In aprotic solvents without intermolecular hydrogen bond, the dispersion effect on the photodynamics of DPE in a nonpolar solvent (cyclohexane) and a polar solvent (1,4-dioxane) is explored. As shown in Fig. 3a and b, the measured TA spectra in cyclohexane and 1,4-dioxane display two absorption bands in the range of the whole measured spectral region. One is a broad band centered around 430 nm in cyclohexane and 415 nm in 1,4-dioxane, respectively, and the other band is in the range of above 580 nm. In both solvents, the two absorption bands have comparative intensity and decay towards the baseline with the increase of pump–probe delay, but not completely. Since DPE belongs to phenol derivatives, the characters of TA spectra measured in this work are akin to those of phenols. Two absorption bands are assigned to excited state absorption of the S₁ state.^35–40 It is noted that an additional absorption signal centered at 520 nm appears at tens of picoseconds in cyclohexane but absents in 1,4-dioxane. The triplet states (T_n) have been reported to be formed in the decay process of the S₁ state and the quantum yield of ISC cannot be ignored in photoexcited phenols.^41,42 In the TA spectra of guaiacol, there appears a rising absorption peak below ∼500 nm and it is assigned to the population of the triplet states.⁴⁰ The yield of phosphorescence of DPE is measured to be 0.67 and stronger than that of fluorescence (0.14) in ethanol glass at 77 K, manifesting a very efficient ISC.^43,44 Therefore, we attribute this growing signal centered at 520 nm to the absorption of the triplet states, suggesting that ISC is noticeable for DPE in cyclohexane. In addition, the vertical excitation energies of the S₁ and T_n states were calculated (see Table S1†), and the result shows that the vertical excitation energies of T_1–6 are lower than the S₁ state.
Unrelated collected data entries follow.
(* Let $\mathcal{C}$ be an Additive-CSP($\psi$) instance with $\mathrm{val}(\mathcal{C})\ge 1-\epsilon$. Then $\mathrm{GI}(G_{\mathcal{C}},G_{\mathcal{C}^0})\ge 1-\epsilon$.
   Context: $H$ is a finite abelian group, $k\ge3$, $\psi\subseteq H^k$ a balanced pairwise independent subgroup (proper subgroup of $H^k$; for $a$ uniform in $\psi$ each coordinate uniform on $H$, any two coordinates independent). An instance $\mathcal{C}=(C_1,\dots,C_m)$ on variables $x_1,\dots,x_n$ over $H$ has constraints $\psi(x_{j_1}+a_1,\dots,x_{j_k}+a_k)=1$ on distinct variables, $a_i\in H$; $\mathcal{C}^0$ sets all $a_i=0$; $\mathrm{val}(\mathcal{C})$ is the maximum fraction of constraints satisfied by an assignment. Variable gadget $\Gamma_x$ for a variable $x$: fix $H=\mathbb{Z}_{p_1}\oplus\dots\oplus\mathbb{Z}_{p_t}$ with $p_i\ge2$; vertices $x\mapsto b$ for $b\in H$. An $i$-row is a set of $p_i$ elements of $H$ agreeing in all coordinates except the $i$-th. Row part (only if $t>1$): for every $i$ and every $i$-row $R$, add a new vertex $w_R$ adjacent to all $x\mapsto b$, $b\in R$, and $i$ new vertices each adjacent only to $w_R$. Cycle part: for every $i$ and $i$-row $R$: if $p_i=2$ add an edge between its two vertices; if $p_i\ge3$, write $R=\{r_0,\dots,r_{p_i-1}\}$ with $r_j$ having $i$-th coordinate $j$, and for each $j\in\mathbb{Z}_{p_i}$ add the edge $\{x\mapsto r_j,x\mapsto r_{j+1}\}$ and two new vertices $u,v$ with edges $\{u,x\mapsto r_j\},\{u,x\mapsto r_{j+1}\},\{u,v\},\{v,x\mapsto r_{j+1}\}$. Graph $G_{\mathcal{C}}$: one copy of $\Gamma_{x_j}$ for each variable $x_j$; for each constraint $C_i$ on $(x_{j_1},\dots,x_{j_k})$, a set of constraint vertices, one per assignment $\alpha$ to these variables satisfying $C_i$ (distinct constraints have distinct constraint vertices), forming a clique, with each $\alpha$ adjacent to $x_{j_l}\mapsto\alpha(x_{j_l})$ for $l\in[k]$. $\mathrm{GI}(G,G')=\max_\pi\frac{|\{e\in E(G):\pi(e)\in E(G')\}|}{\max\{|E(G)|,|E(G')|\}}$ over bijections $\pi$. *)

From HB Require Import structures.
From mathcomp Require Import all_boot all_order all_algebra.
Set Implicit Arguments. Unset Strict Implicit. Unset Printing Implicit Defensive.
Import Order.TTheory GRing.Theory Num.Theory.
Local Open Scope ring_scope.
Fig. 3 TA spectra of DPE in (a) cyclohexane (b) 1,4-dioxane, (c) methanol and (d) t-butanol solvents. The bottom shows the TA spectra in (e) methanol and (f) t-butanol collected in the first 1 ps.

In order to obtain the dynamical information, the typical transient traces at 650 nm are extracted. The signals at this wavelength derive primarily from the absorption of the S₁ state as the broad band below 600 nm overlaps substantially with the absorption of the triplet states. Three-exponential function kinetic model is employed to fit the traces and the fitting results are summarized in Table 1. Fig. 4a and b show the fitting curves of 650 nm in cyclohexane and 1,4-dioxane, respectively. A short lifetime τ₁ = 1.8 ps in cyclohexane and 0.4 ps in 1,4-dioxane is determined. As mentioned above, the experimental S₁–S₀ origin was measured to be about 4.45 eV in the gas phase³³ and 4.44 eV in cyclohexane and 1,4-dioxane from the UV-vis absorption spectra. Following photoexcitation at 267 nm (4.64 eV), the highly excited vibrational states are populated and the redundant vibrational energy dissipates to the solvents. Simultaneously, the similar time scales were also observed in aromatic ethers systems and assigned to the vibrational energy transfer process.^19,20,45 The decay τ₁ is attributed to the vibrational energy transfer process. According to the previous studies, phenols relax by photolysis via C–O bond cleavage and produce phenoxy radicals which have a signature absorption band at 400 nm.^35–39 However, the dissociation pathway is not considered in DPE due to the absence of the absorption feature of the phenoxy radical in both TA spectra. Furthermore, it is noted that the lifetimes of the intersystem crossing and fluorescence pathways were measured on nanoseconds timescales.⁴⁴ The second component τ₂ with about 50 ps is significantly shorter than the lifetime of both ISC and fluorescence and assigned to IC. And the longest time constant τ₃ = ns is attributed to depletion of the S₁ state mediated through ISC and fluorescence.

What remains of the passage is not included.